(Data provided Opens)

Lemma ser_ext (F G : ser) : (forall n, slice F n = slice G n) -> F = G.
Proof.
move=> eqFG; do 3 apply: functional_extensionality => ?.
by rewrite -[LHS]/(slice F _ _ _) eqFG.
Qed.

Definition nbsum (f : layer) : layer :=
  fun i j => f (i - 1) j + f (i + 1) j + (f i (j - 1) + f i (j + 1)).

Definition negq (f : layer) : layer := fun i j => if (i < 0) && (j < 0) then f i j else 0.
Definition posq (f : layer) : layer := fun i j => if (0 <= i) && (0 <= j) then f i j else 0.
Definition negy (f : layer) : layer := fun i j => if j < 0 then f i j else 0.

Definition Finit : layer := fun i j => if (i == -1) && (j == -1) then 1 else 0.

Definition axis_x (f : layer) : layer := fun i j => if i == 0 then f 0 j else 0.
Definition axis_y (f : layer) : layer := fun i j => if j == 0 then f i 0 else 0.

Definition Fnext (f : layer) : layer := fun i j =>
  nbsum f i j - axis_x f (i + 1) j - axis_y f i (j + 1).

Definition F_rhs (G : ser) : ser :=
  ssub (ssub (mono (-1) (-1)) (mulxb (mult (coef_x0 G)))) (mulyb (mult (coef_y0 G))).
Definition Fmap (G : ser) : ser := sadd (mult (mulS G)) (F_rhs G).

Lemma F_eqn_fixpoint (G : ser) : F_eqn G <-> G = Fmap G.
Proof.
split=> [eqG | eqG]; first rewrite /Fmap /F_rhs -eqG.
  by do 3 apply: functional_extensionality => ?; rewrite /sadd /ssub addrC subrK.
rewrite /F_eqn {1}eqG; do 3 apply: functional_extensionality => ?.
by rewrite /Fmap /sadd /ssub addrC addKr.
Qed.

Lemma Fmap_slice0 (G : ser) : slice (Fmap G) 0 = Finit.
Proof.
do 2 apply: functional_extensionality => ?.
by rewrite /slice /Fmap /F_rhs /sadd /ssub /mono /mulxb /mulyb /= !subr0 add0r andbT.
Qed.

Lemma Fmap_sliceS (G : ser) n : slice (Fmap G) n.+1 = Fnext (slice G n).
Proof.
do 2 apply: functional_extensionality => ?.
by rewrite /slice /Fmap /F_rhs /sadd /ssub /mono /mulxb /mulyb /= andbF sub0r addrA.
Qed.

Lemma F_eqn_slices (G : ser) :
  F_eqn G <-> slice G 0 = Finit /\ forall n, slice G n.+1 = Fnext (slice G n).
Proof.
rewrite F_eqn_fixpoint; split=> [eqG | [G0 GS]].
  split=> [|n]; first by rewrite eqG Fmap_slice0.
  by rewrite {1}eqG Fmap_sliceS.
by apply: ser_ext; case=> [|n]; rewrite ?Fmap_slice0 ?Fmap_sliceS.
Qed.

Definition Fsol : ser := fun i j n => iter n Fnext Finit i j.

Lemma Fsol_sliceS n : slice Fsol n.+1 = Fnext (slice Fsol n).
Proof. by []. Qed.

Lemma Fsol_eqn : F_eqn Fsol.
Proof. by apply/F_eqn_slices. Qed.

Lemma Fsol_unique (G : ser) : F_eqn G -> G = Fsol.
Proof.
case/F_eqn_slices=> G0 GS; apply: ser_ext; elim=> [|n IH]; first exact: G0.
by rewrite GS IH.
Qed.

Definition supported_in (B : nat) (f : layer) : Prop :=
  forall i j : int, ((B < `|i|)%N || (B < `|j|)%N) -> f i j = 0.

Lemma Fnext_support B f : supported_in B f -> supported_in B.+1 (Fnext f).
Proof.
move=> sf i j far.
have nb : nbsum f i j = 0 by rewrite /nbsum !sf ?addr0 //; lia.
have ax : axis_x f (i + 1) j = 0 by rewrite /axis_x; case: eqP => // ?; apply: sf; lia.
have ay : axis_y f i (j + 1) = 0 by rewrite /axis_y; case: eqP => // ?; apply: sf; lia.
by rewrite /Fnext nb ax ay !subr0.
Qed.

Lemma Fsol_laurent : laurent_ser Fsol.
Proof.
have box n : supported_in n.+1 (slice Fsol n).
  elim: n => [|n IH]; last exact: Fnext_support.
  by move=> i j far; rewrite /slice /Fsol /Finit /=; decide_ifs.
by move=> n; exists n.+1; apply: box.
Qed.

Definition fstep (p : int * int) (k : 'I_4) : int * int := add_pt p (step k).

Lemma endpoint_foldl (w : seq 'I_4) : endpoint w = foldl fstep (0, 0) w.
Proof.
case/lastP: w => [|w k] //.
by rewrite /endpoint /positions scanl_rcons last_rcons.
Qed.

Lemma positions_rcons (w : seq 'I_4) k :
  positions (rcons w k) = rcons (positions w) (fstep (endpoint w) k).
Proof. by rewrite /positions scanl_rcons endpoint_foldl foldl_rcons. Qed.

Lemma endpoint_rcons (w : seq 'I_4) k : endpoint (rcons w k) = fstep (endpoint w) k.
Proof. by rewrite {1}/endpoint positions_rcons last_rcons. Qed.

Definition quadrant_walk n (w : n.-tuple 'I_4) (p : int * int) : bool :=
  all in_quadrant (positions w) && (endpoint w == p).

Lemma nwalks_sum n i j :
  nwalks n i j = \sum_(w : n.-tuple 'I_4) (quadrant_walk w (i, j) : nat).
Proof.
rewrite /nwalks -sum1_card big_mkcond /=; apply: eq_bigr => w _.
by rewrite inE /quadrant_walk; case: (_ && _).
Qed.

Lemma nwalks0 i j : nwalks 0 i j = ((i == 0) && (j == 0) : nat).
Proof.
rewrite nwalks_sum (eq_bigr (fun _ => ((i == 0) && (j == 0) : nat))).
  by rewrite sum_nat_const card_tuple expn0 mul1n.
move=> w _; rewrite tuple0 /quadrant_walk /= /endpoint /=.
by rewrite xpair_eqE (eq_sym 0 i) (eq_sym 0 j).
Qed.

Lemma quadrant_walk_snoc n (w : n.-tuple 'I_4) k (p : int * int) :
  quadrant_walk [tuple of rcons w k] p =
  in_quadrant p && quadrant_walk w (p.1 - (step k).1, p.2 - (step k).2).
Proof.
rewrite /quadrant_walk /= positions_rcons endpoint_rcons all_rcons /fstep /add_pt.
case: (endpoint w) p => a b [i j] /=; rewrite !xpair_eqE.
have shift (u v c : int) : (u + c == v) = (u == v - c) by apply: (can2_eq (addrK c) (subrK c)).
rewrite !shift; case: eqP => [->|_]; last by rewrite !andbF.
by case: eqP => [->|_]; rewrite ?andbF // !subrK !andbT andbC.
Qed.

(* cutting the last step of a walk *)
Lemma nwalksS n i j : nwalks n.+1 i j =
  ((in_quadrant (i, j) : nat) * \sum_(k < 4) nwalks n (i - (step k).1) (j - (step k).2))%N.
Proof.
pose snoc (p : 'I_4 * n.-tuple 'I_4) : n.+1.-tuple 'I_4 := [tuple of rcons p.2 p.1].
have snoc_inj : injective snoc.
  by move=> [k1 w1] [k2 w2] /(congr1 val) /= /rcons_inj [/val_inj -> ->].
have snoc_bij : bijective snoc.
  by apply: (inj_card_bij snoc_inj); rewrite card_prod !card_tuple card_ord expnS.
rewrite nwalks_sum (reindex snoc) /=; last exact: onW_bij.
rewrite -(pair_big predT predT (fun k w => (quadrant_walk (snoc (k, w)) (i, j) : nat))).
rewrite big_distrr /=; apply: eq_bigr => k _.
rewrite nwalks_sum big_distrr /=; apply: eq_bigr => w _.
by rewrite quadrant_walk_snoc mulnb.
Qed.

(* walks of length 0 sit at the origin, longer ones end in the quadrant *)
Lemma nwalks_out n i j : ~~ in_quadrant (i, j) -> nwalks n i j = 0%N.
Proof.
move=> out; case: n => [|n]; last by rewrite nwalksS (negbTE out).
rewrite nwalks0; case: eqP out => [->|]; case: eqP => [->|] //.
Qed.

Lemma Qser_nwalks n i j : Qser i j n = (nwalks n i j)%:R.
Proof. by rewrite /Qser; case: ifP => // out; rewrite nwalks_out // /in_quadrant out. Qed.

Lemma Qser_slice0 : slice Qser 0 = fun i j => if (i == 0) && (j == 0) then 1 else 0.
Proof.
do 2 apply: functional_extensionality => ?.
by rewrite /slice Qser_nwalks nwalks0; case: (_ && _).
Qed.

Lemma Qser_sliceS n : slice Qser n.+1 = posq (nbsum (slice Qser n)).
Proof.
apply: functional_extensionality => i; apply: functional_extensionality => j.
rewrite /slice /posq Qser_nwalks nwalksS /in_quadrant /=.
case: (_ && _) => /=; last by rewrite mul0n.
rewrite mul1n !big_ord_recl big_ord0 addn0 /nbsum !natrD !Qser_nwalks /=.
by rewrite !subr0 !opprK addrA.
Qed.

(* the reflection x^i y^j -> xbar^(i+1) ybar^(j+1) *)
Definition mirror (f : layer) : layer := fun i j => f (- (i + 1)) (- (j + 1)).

(Data provided Closes)
(Data provided Opens)

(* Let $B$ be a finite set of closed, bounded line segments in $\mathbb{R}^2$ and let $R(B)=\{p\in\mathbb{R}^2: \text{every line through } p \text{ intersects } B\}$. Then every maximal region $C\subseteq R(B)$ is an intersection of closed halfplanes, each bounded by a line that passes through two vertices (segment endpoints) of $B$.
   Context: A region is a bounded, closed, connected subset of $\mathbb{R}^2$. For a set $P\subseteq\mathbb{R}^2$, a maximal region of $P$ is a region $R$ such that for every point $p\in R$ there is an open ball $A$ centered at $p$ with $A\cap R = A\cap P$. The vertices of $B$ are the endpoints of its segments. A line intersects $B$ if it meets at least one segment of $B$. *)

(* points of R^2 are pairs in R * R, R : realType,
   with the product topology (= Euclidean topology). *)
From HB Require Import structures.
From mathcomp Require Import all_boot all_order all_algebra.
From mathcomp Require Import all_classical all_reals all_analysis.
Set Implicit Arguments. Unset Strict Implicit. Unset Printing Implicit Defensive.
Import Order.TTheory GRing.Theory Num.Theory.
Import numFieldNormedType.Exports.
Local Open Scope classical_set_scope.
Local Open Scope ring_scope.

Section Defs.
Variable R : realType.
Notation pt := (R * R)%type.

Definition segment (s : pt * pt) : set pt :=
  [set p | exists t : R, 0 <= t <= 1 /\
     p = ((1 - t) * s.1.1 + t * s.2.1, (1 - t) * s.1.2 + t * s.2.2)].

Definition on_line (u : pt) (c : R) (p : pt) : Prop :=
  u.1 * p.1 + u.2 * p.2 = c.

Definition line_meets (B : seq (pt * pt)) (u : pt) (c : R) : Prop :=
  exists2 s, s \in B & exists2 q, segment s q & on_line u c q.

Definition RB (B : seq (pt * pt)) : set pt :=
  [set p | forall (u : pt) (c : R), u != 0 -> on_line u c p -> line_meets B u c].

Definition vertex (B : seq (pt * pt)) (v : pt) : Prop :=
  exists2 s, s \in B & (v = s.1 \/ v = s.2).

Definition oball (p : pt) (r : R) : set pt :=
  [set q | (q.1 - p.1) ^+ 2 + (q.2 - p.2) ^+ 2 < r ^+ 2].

(Data provided Closes)
(Data provided Opens)

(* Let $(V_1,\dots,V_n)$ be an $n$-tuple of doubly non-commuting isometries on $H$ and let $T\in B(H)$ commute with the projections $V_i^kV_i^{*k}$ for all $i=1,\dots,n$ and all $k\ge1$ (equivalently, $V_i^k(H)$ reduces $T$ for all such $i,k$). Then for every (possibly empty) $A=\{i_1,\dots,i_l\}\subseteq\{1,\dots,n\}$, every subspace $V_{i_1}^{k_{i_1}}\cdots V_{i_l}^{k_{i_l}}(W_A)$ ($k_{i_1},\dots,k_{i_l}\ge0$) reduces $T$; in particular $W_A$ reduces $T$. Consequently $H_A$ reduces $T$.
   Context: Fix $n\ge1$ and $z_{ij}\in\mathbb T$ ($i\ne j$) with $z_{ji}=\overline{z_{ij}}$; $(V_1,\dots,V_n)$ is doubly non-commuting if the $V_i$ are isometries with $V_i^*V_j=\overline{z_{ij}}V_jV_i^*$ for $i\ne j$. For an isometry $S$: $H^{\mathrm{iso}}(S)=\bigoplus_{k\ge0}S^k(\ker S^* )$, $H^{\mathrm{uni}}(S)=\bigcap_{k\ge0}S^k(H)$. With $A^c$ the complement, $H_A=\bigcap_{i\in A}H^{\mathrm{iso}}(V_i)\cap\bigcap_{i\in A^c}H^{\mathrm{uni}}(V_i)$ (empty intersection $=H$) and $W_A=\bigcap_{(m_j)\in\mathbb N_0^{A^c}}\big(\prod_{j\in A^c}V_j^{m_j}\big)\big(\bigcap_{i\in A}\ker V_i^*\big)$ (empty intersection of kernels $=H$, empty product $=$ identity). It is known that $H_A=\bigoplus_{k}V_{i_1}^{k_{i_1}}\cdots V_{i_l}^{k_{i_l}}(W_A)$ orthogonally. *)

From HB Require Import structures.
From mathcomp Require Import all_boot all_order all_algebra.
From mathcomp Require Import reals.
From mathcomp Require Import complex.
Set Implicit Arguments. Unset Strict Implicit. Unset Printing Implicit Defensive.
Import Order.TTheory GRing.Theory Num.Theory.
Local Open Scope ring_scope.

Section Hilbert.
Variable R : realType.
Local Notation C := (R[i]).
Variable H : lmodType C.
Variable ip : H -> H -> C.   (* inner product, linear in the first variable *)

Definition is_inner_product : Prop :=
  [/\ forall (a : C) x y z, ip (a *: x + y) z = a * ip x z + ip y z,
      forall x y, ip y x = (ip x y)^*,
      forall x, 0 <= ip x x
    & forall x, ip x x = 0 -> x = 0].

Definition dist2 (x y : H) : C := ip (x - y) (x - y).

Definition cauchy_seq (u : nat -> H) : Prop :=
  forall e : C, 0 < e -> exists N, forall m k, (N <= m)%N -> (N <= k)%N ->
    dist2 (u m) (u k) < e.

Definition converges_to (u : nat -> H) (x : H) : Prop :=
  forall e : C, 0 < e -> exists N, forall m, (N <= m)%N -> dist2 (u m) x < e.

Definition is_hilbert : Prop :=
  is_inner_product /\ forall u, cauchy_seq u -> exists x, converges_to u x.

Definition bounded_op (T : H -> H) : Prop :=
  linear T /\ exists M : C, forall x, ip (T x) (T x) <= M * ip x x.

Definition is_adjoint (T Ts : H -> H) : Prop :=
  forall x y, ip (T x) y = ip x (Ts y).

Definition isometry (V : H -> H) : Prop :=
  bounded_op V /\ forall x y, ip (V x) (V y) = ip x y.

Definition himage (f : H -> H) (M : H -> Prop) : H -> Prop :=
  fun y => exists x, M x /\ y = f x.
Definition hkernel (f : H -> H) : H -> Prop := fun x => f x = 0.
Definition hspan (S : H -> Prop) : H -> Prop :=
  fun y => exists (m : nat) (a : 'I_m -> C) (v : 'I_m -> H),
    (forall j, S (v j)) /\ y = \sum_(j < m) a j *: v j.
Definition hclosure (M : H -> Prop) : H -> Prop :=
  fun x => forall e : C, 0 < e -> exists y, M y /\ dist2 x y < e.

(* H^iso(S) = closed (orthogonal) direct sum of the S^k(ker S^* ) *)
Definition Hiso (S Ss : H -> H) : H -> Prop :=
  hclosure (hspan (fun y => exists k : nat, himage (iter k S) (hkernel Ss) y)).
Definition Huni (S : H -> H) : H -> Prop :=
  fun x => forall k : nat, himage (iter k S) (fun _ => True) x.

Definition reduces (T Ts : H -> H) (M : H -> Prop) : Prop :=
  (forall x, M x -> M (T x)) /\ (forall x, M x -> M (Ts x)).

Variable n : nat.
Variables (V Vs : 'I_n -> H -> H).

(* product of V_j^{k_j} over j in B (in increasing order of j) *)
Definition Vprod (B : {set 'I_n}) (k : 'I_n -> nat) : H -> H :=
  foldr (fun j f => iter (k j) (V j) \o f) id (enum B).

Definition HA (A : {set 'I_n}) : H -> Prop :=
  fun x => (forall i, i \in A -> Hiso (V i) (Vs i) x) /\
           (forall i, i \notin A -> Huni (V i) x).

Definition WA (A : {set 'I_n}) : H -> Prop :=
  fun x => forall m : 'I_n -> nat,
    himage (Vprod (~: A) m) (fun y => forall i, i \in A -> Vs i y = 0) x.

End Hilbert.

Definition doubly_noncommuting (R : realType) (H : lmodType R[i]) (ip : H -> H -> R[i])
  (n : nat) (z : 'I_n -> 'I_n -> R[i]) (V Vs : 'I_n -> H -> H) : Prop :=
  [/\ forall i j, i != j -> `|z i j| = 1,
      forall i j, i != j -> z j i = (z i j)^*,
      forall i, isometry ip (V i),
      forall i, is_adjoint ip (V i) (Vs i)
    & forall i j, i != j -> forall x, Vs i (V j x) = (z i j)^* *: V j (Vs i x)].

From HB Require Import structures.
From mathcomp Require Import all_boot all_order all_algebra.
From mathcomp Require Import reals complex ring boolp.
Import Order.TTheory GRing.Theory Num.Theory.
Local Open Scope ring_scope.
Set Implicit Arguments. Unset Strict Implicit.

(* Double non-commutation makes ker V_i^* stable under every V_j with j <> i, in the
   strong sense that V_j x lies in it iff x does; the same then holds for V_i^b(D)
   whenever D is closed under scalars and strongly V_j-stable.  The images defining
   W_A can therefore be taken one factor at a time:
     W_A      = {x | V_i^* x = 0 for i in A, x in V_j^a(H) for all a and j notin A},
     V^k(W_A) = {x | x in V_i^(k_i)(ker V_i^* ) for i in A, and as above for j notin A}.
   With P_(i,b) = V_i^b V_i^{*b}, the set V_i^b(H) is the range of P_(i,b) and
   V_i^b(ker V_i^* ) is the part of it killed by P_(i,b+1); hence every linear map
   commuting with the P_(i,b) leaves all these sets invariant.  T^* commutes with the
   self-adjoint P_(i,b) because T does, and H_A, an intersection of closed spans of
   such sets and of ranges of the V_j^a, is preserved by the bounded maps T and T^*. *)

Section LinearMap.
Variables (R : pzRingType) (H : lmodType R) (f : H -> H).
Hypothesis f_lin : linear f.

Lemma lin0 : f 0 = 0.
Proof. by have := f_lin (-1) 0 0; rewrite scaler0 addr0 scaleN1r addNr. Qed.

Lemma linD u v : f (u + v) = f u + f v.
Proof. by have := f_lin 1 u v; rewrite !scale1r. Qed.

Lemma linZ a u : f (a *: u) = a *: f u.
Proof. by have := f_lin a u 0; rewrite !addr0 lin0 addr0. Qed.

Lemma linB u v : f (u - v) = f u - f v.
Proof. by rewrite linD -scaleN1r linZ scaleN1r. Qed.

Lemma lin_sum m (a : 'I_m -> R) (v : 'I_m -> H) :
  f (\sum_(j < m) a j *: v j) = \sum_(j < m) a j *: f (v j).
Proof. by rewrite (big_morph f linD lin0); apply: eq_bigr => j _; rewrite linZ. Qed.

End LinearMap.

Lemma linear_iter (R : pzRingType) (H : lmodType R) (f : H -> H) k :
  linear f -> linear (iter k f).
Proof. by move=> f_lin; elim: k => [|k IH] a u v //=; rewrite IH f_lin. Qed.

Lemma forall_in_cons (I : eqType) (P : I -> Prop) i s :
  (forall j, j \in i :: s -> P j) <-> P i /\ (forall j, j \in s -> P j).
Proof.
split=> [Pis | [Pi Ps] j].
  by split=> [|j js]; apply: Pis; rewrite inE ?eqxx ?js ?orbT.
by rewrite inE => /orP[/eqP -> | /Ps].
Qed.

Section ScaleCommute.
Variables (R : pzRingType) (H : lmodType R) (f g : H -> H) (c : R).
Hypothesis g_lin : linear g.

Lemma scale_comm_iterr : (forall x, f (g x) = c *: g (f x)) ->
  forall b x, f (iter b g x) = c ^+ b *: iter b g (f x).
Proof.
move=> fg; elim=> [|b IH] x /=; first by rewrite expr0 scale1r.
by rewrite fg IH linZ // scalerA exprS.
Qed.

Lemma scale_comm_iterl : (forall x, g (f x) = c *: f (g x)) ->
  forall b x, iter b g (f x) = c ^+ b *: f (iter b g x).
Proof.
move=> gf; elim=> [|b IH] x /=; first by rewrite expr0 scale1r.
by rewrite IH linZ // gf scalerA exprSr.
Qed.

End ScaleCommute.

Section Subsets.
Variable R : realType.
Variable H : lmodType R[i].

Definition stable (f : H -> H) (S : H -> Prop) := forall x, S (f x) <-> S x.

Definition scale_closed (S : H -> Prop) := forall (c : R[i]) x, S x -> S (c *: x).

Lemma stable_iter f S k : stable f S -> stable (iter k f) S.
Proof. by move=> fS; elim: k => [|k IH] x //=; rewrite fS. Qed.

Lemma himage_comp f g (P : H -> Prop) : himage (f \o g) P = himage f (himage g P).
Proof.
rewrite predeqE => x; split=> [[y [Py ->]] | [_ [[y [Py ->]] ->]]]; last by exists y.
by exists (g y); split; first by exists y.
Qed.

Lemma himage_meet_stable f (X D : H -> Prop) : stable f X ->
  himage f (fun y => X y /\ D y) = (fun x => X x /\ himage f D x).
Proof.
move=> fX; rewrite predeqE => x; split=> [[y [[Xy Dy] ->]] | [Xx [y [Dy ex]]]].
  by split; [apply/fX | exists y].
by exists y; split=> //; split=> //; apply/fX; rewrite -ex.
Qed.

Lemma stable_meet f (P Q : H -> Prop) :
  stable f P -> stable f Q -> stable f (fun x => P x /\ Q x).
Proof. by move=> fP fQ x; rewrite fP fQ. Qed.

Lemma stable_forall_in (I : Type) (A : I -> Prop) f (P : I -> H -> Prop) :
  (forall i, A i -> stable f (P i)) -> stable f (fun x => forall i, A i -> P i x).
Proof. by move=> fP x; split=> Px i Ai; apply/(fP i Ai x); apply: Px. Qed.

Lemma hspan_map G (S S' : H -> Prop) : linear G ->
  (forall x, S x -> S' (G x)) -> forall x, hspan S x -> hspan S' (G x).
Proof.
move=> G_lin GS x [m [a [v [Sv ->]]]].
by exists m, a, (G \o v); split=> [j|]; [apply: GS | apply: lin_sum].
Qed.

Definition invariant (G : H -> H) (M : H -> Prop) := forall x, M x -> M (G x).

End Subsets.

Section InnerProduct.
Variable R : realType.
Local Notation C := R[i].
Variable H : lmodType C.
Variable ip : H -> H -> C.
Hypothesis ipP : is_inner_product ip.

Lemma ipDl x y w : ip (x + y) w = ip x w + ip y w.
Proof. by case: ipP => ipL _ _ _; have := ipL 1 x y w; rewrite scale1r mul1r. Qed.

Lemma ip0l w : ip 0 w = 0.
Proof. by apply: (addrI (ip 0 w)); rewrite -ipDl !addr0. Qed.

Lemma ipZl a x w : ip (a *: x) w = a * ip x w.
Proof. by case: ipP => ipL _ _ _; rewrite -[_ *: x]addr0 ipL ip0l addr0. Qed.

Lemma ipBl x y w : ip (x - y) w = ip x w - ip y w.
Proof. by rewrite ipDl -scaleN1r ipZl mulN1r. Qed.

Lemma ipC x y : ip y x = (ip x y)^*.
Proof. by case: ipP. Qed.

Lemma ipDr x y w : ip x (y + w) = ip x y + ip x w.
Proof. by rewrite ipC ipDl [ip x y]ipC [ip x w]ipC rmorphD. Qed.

(Data provided Closes)

→ Your objective
In the entries above, copy each line that contains the string "Context".

→ Output of the exercise
   Context: A region is a bounded, closed, connected subset of $\mathbb{R}^2$. For a set $P\subseteq\mathbb{R}^2$, a maximal region of $P$ is a region $R$ such that for every point $p\in R$ there is an open ball $A$ centered at $p$ with $A\cap R = A\cap P$. The vertices of $B$ are the endpoints of its segments. A line intersects $B$ if it meets at least one segment of $B$. *)
   Context: Fix $n\ge1$ and $z_{ij}\in\mathbb T$ ($i\ne j$) with $z_{ji}=\overline{z_{ij}}$; $(V_1,\dots,V_n)$ is doubly non-commuting if the $V_i$ are isometries with $V_i^*V_j=\overline{z_{ij}}V_jV_i^*$ for $i\ne j$. For an isometry $S$: $H^{\mathrm{iso}}(S)=\bigoplus_{k\ge0}S^k(\ker S^* )$, $H^{\mathrm{uni}}(S)=\bigcap_{k\ge0}S^k(H)$. With $A^c$ the complement, $H_A=\bigcap_{i\in A}H^{\mathrm{iso}}(V_i)\cap\bigcap_{i\in A^c}H^{\mathrm{uni}}(V_i)$ (empty intersection $=H$) and $W_A=\bigcap_{(m_j)\in\mathbb N_0^{A^c}}\big(\prod_{j\in A^c}V_j^{m_j}\big)\big(\bigcap_{i\in A}\ker V_i^*\big)$ (empty intersection of kernels $=H$, empty product $=$ identity). It is known that $H_A=\bigoplus_{k}V_{i_1}^{k_{i_1}}\cdots V_{i_l}^{k_{i_l}}(W_A)$ orthogonally. *)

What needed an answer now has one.